Watchdog: Hardware Problem Detection
Introduction
In computer hardware, a watchdog is an electronic or software mechanism designed to ensure that an automated system hasn’t become stuck at a particular processing step. It’s a protection mechanism designed to restart the system if a defined action is not executed within a given time period.
When implemented in software, it typically consists of a counter that is regularly reset to zero. If the counter exceeds a given value (timeout), then a system reset is triggered. The watchdog often consists of a register that is updated via a regular interrupt. It can also consist of an interrupt routine that must perform certain maintenance tasks before returning control to the main program.
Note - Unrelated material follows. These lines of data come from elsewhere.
Lemma fw_homotopic_postcomp (q : Y -> W) (f g : X -> Y) :
  fw_map pY pW q -> fw_homotopic R pX pY f g ->
  fw_homotopic R pX pW (q \o f) (q \o g).
Proof.
case=> cq hq [H [cH hH H0 H1]].
exists (q \o H); split=> /=; first exact: comp_continuous cH cq.
- by move=> x t; rewrite hq hH.
- by move=> x; rewrite H0.
- by move=> x; rewrite H1.
Qed.

Lemma fw_homotopic_path_family (F : Z -> {compact-open, unitI R -> W}) :
  continuous F -> (forall z, continuous (F z)) ->
  (forall z t, pW (F z t) = pZ z) ->
  fw_homotopic R pZ pW (fun z => F z (i0 R)) (fun z => F z (i1 R)).
Proof.
move=> cF cFz hF; exists (fun zt => F zt.1 zt.2); split=> //.
exact: path_family_continuous.
Qed.

End HomotopyComposition.

Section FibreProduct.
Variables (B X : topologicalType) (p : X -> B).

Lemma fprod_fibre (u : Defs.fprod p) : p (set_val u).1 = p (set_val u).2.
Proof. exact: set_valP u. Qed.

Lemma fprod_fst_map : fw_map (@fprod_proj B X p) p (fun u => (set_val u).1).
Proof.
split=> //; exact: comp_continuous (@set_val_continuous _ _) (@fst_continuous _ _).
Qed.

Lemma fprod_snd_map : fw_map (@fprod_proj B X p) p (fun u => (set_val u).2).
Proof.
split=> [|u]; last by rewrite /fprod_proj fprod_fibre.
exact: comp_continuous (@set_val_continuous _ _) (@snd_continuous _ _).
Qed.

Lemma fprod_proj_continuous : continuous p -> continuous (@fprod_proj B X p).
Proof. exact: comp_continuous (proj1 fprod_fst_map). Qed.

Definition fpair (Z : Type) (pZ : Z -> B) (a1 a2 : Z -> X)
  (h1 : forall z, p (a1 z) = pZ z) (h2 : forall z, p (a2 z) = pZ z) (z : Z) :
  Defs.fprod p :=
  exist _ (a1 z, a2 z)
    (@mem_set _ (fprod_set p) (a1 z, a2 z) (etrans (h1 z) (esym (h2 z)))).

Lemma fpair_continuous (Z : topologicalType) (pZ : Z -> B) (a1 a2 : Z -> X)
  h1 h2 : continuous a1 -> continuous a2 -> continuous (@fpair Z pZ a1 a2 h1 h2).
Proof. by move=> c1 c2; apply: continuous_into_subspace; exact: pair_continuous. Qed.

Lemma fw_homotopic_fpair (R : realType) (Z : topologicalType) (pZ : Z -> B)
  (a1 a2 b1 b2 : Z -> X) ha1 ha2 hb1 hb2 :
  fw_homotopic R pZ p a1 b1 -> fw_homotopic R pZ p a2 b2 ->
  fw_homotopic R pZ (@fprod_proj B X p)
    (@fpair Z pZ a1 a2 ha1 ha2) (@fpair Z pZ b1 b2 hb1 hb2).
Proof.
move=> [H1 [cH1 hH1 H10 H11]] [H2 [cH2 hH2 H20 H21]].
have hH1' z : p (H1 z) = pZ z.1 by case: z.
have hH2' z : p (H2 z) = pZ z.1 by case: z.
exists (@fpair _ (pZ \o fst) H1 H2 hH1' hH2').
split=> //; first exact: fpair_continuous.
- by move=> z; apply: val_inj; rewrite /= H10 H20.
- by move=> z; apply: val_inj; rewrite /= H11 H21.
Qed.

End FibreProduct.

Lemma secat_eq0P (R : realType) (B E Y : topologicalType) (pE : E -> B)
  (pY : Y -> B) (f : E -> Y) :
  secat_eq R pE pY f 0 <->
  exists2 U, fw_sectional R pE pY f U & forall y, U y.
Proof.
split=> [[[U [hU cov]] _] | [U hU cov]].
  exists (U ord0) => // y; have [i] := cov y; by rewrite (ord1 i).
split=> [|//]; exists (fun _ => U); split=> // y; by exists ord0.
Qed.

Section PathFibration.
Variables (R : realType) (B X : topologicalType) (p : X -> B).

Lemma PB_path_continuous (u : PB R p) : continuous (set_val u).2.
Proof. exact: (set_valP u).1. Qed.

Lemma PB_path_fibre (u : PB R p) t : p ((set_val u).2 t) = PB_proj u.
Proof. exact: (set_valP u).2. Qed.

Lemma PB_paths_continuous :
  continuous (fun u : PB R p => (set_val u).2 : {compact-open, unitI R -> X}).
Proof. exact: comp_continuous (@set_val_continuous _ _) (@snd_continuous _ _). Qed.

Section ConstantPaths.
Variables (g : B -> X) (hg : forall b, p (g b) = b).

Lemma const_path_mem (b : B) :
  ((b, fun _ => g b) : B * {compact-open, unitI R -> X}) \in PB_set p.
Proof. by apply/mem_set; split=> //=; exact: cst_continuous. Qed.

Definition const_path (b : B) : PB R p :=
  exist (fun u => u \in PB_set p) _ (const_path_mem b).

Lemma const_path_continuous : continuous g -> continuous const_path.
Proof.
move=> cg; apply: continuous_into_subspace => /=.
apply: pair_continuous; first exact: id_continuous.
exact: constant_paths_continuous.
Qed.

End ConstantPaths.
End PathFibration.

Section TopologicalComplexityZero.
Variables (R : realType) (B X : topologicalType) (p : X -> B).
Hypothesis cp : continuous p.

(** Restrict
    the homotopy [Pi_X o sigma ~_B incl] to the points [(s (p x), x)]: its
    two components deform the endpoints of the path [sigma (s (p x), x)] to
    [s (p x)] and to [x], while the path itself joins these endpoints. *)
Lemma section_deformation (s : B -> X) (U : set (Defs.fprod p)) :
  continuous s -> (forall b, p (s b) = b) ->
  fw_sectional R (@PB_proj R B X p) (@fprod_proj B X p) (@Pi R B X p) U ->
  (forall u, U u) -> fw_homotopic R p p (s \o p) id.
Proof.
move=> cs hs [_ [sigma [[csigma hsigma] hK]]] covU.
pose diag := @fpair B X p X p (s \o p) id (fun x => hs (p x)) (fun x => erefl).
pose emb x : set_type U := exist (fun u => u \in U) (diag x) (mem_set (covU _)).
have emb_map : fw_map p (@fprod_proj B X p \o set_val) emb.
  split=> [|x]; last exact: hs.
  apply: continuous_into_subspace; apply: fpair_continuous.
    exact: comp_continuous cp cs.
  exact: id_continuous.
have hKe := fw_homotopic_precomp emb_map hK.
have to_fst := fw_homotopic_postcomp (fprod_fst_map p) hKe.
have to_snd := fw_homotopic_postcomp (fprod_snd_map p) hKe.
have along_path : fw_homotopic R p p
    (fun x => (set_val (sigma (emb x))).2 (i0 R))
    (fun x => (set_val (sigma (emb x))).2 (i1 R)).
  apply: (fw_homotopic_path_family (F := fun x => (set_val (sigma (emb x))).2))
    => [||x t].
  - exact: comp_continuous (comp_continuous (proj1 emb_map) csigma)
      (@PB_paths_continuous R B X p).
  - by move=> x; exact: PB_path_continuous.
  - by rewrite PB_path_fibre hsigma; exact: (proj2 emb_map).
exact: fw_homotopic_trans (fw_homotopic_sym to_fst)
  (fw_homotopic_trans along_path to_snd).
Qed.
If a routine enters an infinite loop, the watchdog counter will no longer be reset to zero, and a reset is ordered. The watchdog also allows a restart if no instruction is provided for this purpose. You simply need to write a value exceeding the counter’s capacity directly into the register. The watchdog will then initiate the reset.
In industrial computing, the watchdog is often implemented as an electronic device, generally a monostable flip-flop. It is based on the principle that each processing step must execute within a maximum time. It is therefore possible to arm a timer before its execution. When the flip-flop returns to its stable state before the task is complete, the watchdog is triggered. It implements a backup system that can either trigger an alarm, restart the device, or activate a redundant system.
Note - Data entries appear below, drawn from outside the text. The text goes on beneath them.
Definition paths_space (d : Order.disp_t) (W : orderType d) (A : set W)
    : set {ptws node A -> bool} :=
  [set f | exists2 p, is_path p & f = charf p].

Definition Sigma_prod (I : Type) : set {ptws I -> R} :=
  [set x | countable [set i | x i <> 0%R]].

(* X (with the subspace topology) is a Corson compactum: compact and
   homeomorphic to a subspace of Sigma(R^I) for some index set I *)
Definition corson_compact (S : topologicalType) (X : set S) : Prop :=
  compact X /\
  exists (I : Type) (f : S -> {ptws I -> R}),
    {in X &, injective f} /\
    f @` X `<=` @Sigma_prod I /\
    {within X, continuous f} /\
    exists g : {ptws I -> R} -> S,
      {within f @` X, continuous g} /\ (forall x, X x -> g (f x) = x).

Definition dense_in (S : topologicalType) (X D : set S) : Prop :=
  D `<=` X /\ X `<=` closure D.

(* N is nowhere dense in the subspace X: the interior (relative to X) of the
   closure (relative to X) of N is empty *)
Definition nowhere_dense_in (S : topologicalType) (X N : set S) : Prop :=
  N `<=` X /\
  forall U : set S, open U -> U `&` X `<=` closure N -> U `&` X = set0.

Definition discrete_subspace (S : topologicalType) (D : set S) : Prop :=
  forall x, D x -> exists U : set S, open U /\ U x /\ U `&` D = [set x].

Definition nwd_separable (S : topologicalType) (X : set S) : Prop :=
  exists N : nat -> set S,
    (forall n, nowhere_dense_in X (N n)) /\ dense_in X (\bigcup_n N n).

Definition d_separable (S : topologicalType) (X : set S) : Prop :=
  exists D : nat -> set S,
    (forall n, D n `<=` X /\ discrete_subspace (D n)) /\ dense_in X (\bigcup_n D n).

Arguments paths_space {d W} A.
Arguments charf {d W A} p.
Lemma prefix_ext k m r : (forall i, (i < r)%nat -> k i = m i) -> prefix k r = prefix m r.
Proof.
  intros H. apply map_ext_in. intros i Hi. apply in_seq in Hi. apply H; lia.
Qed.

Lemma Forall_ge_1_map k a b : (forall i, (1 <= k i)%nat) -> List.Forall (le 1) (map k (seq a b)).
Proof. intros Hk. apply Forall_map, Forall_forall. intros i _. apply Hk. Qed.

Lemma zfin_prefix_le k r s N : (r <= s)%nat -> zfin (prefix k r) N <= zfin (prefix k s) (S N).
Proof.
  intros Hrs. replace s with (r + (s - r))%nat by lia. rewrite prefix_add.
  eapply Rle_trans; [apply zfin_le_N, le_S, le_n | apply zfin_le_app; lia].
Qed.

Lemma admissible_cons k1 q : (2 <= k1)%nat -> List.Forall (le 1) q -> admissible (k1 :: q).
Proof.
  intros Hk1 Hq. split; [exact Hk1|]. rewrite Forall_forall in Hq.
  intros k [<-|Hk]; [lia | apply Hq, Hk].
Qed.

Lemma is_lim_seq_incr_bounded (u : nat -> R) B :
  (forall n, u n <= u (S n)) -> (forall n, u n <= B) -> is_lim_seq u (real (Lim_seq u)).
Proof.
  intros Hu HB. destruct (ex_finite_lim_seq_incr u B Hu HB) as [l Hl].
  rewrite (is_lim_seq_unique _ _ Hl). exact Hl.
Qed.

Lemma is_lim_seq_le_const (u : nat -> R) (l c : R) :
  is_lim_seq u l -> (forall n, u n <= c) -> l <= c.
Proof.
  intros Hl Hc. apply (is_lim_seq_le u (fun _ => c) l c Hc Hl (is_lim_seq_const c)).
Qed.
Lemma givens_mulmxE B k a : (givens *m B) k a =
  if k == p then c * B p a - s * B q a
  else if k == q then s * B p a + c * B q a else B k a.
Proof.
have sum_pq (x y : R[i]) : \sum_l (if l == p then x else if l == q then y else 0) * B l a
    = x * B p a + y * B q a.
  rewrite (bigD1 p) //= (bigD1 q) 1?eq_sym //= eqxx eq_sym (negbTE pq) eqxx.
  by rewrite big1 ?addr0 // => l /andP[/negbTE -> /negbTE ->]; rewrite mul0r.
rewrite mxE; under eq_bigr do rewrite mxE.
case: (k =P p) => [_|_]; first by rewrite sum_pq mulNr.
by case: (k =P q) => [_|_]; [rewrite sum_pq | apply: sum_delta].
Qed.

Lemma givens_real : map_mx conjc givens = givens.
Proof.
apply/matrixP => k l; rewrite !mxE -[conjc _]/(_^*).
by repeat case: ifP => _;
  rewrite ?conjC0 ?conjC_nat ?raddfN /= ?(conj_Creal cR) ?(conj_Creal sR).
Qed.

Lemma givens_unitary : unitary givens.
Proof.
apply/matrixP => k l; rewrite /unitary givens_real givens_mulmxE !mxE.
have qp : q != p by rewrite eq_sym.
rewrite !eqxx ?(negbTE pq) ?(negbTE qp).
have [ekp|kp] := eqVneq k p; last have [ekq|kq] := eqVneq k q;
  (have [elp|lp] := eqVneq l p; last have [elq|lq] := eqVneq l q); subst;
  rewrite ?eqxx ?(negbTE pq) ?(negbTE qp) ?(negbTE kp) ?(negbTE kq) 1?eq_sym
    ?(negbTE lp) ?(negbTE lq) //=; try ring.
all: by rewrite -cs1; ring.
Qed.

Definition rot_word n tail (i : nat) := nseq i p ++ nseq (n - i) q ++ tail.

Definition rot_coef n (i : nat) := c ^+ i * (- s) ^+ (n - i) *+ 'C(n, i).

Lemma count_rot_word n tail (i : nat) : p \notin tail -> (i <= n)%N ->
  count_mem p (rot_word n tail i) = i.
Proof.
move=> ptail le_in; rewrite !count_cat !count_nseq /= eqxx eq_sym (negbTE pq).
by rewrite (count_memPn ptail); lia.
Qed.

Lemma givens_pow n (x y : R[i]) :
  (c * x - s * y) ^+ n = \sum_(i < n.+1) rot_coef n i * (x ^+ i * y ^+ (n - i)).
Proof.
rewrite addrC -mulNr exprDn; apply: eq_bigr => i _.
by rewrite /rot_coef !exprMn -!mulrnAl; ring.
Qed.
(* Let $M$ be a nearly finitary matroid that is not $k$-nearly finitary for any $k\in\mathbb{N}$, and let $N$ be a nearly finitary matroid whose ground set $E(N)$ is disjoint from $E(M)$. Then $M\vee N$ is a nearly finitary matroid that is not $k$-nearly finitary for any $k\in\mathbb{N}$.
   Context: Matroids (possibly infinite): $\emptyset$ independent; subsets of independent sets independent; if $B$ is maximal independent and $A$ non-maximal independent, then $A\cup\{b\}$ is independent for some $b\in B\setminus A$; for independent $A\subseteq X\subseteq E$ there is a maximal independent $S$ with $A\subseteq S\subseteq X$. Bases are maximal independent sets. The union $M\vee N$ has ground set $E(M)\cup E(N)$ and independent sets $\{S\cup T: S\text{ independent in }M,\ T\text{ independent in }N\}$. The finitarization $M^{\mathrm{fin}}$ has as independent sets those sets all of whose finite subsets are independent in $M$. $M$ is nearly finitary if $F\setminus B$ is finite whenever a base $F$ of $M^{\mathrm{fin}}$ contains a base $B$ of $M$; $k$-nearly finitary if $|F\setminus B|\le k$ for all such pairs. *)

From Stdlib Require Import List.

Set Implicit Arguments.

Definition set (E : Type) := E -> Prop.

Section Matroids.
Variable E : Type.

Definition subset (A B : set E) : Prop := forall x, A x -> B x.
Definition setU (A B : set E) : set E := fun x => A x \/ B x.
Definition setD (A B : set E) : set E := fun x => A x /\ ~ B x.
Definition add1 (A : set E) (b : E) : set E := fun x => A x \/ x = b.
Definition disjoint (A B : set E) : Prop := forall x, A x -> B x -> False.

Definition finite_set (A : set E) : Prop :=
  exists l : list E, forall x, A x -> In x l.

Definition card_le (A : set E) (k : nat) : Prop :=
  exists l : list E, length l <= k /\ forall x, A x -> In x l.

Record matroid := Matroid { ground : set E; indep : set E -> Prop }.

Definition maximal_in (P : set E -> Prop) (S : set E) : Prop :=
  P S /\ forall T, P T -> subset S T -> subset T S.

Definition is_base (M : matroid) (B : set E) : Prop := maximal_in (indep M) B.

(* Matroid axioms (I1)-(I3),(IM) from the paper, plus independent sets
   lie inside the ground set. *)
Definition is_matroid (M : matroid) : Prop :=
  (forall I, indep M I -> subset I (ground M)) /\
  indep M (fun _ => False) /\
  (forall A B, indep M A -> subset B A -> indep M B) /\
  (forall A B, is_base M B -> indep M A -> ~ is_base M A ->
     exists b, B b /\ ~ A b /\ indep M (add1 A b)) /\
  (forall A X, indep M A -> subset A X -> subset X (ground M) ->
     exists S, maximal_in (fun I => indep M I /\ subset I X) S /\
               subset A S /\ subset S X).

Definition matroid_union (M N : matroid) : matroid :=
  Matroid (setU (ground M) (ground N))
          (fun I => exists S T, indep M S /\ indep N T /\
                      forall x, I x <-> (S x \/ T x)).

Definition finitarization (M : matroid) : matroid :=
  Matroid (ground M)
          (fun I => subset I (ground M) /\
                    forall J, subset J I -> finite_set J -> indep M J).

Definition nearly_finitary (M : matroid) : Prop :=
  forall F B, is_base (finitarization M) F -> is_base M B -> subset B F ->
    finite_set (setD F B).

Definition k_nearly_finitary (k : nat) (M : matroid) : Prop :=
  forall F B, is_base (finitarization M) F -> is_base M B -> subset B F ->
    card_le (setD F B) k.

End Matroids.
Watchdogs are often integrated into microcontrollers and motherboards dedicated to real-time operations.
Installation
Watchdog is simple to install and set up:
apt-get install watchdog
There’s also a small kernel component to implement:
CONFIG_WATCHDOG=y
CONFIG_SOFT_WATCHDOG=y
Configuration
Configuration is done in the /etc/watchdog.conf
file. Let’s look at some different mechanisms.
Networks
Take here for example the IP addresses 192.168.0.138 and 192.168.0.1. This means that we’re going to continuously ping these IP addresses, and if one of them doesn’t respond, it means we have a failure on our machine and therefore need to reboot. This method is quite dangerous in production, so be sure of what you’re doing.
ping = 192.168.0.138
ping = 192.168.0.1
interface = eth0
file = /var/log/messages
The pings are sent from the network card eth0 and are logged in /var/log/messages.
System Load
If you believe your machine contains no bugs and that if the memory load is too high, there’s a problem and you need to reboot, then here’s an option that will appeal to you:
max-load-1 = 24
max-load-5 = 18
max-load-15 = 12
Modify the values according to your needs.
Temperature
If you monitor your machine and want to restart in case of overheating, use this:
temperature-device = /dev/hda
max-temperature = 50
You should normally have already configured sensors beforehand (e.g., hdparm & lm-sensors).
Default Options
You must also set the default options and adapt them to your needs:
# Defaults compiled into the binary
admin = root
interval = 10
logtick = 1
# This greatly decreases the chance that watchdog won't be scheduled before
# your machine is really loaded
realtime = yes
priority = 1
# Check if syslogd is still running by enabling the following line
pidfile = /var/run/syslogd.pid
Once finished, apply the changes by restarting the service:
/etc/init.d/watchdog restart
Last updated 17 Dec 2006, 22:29 +0200.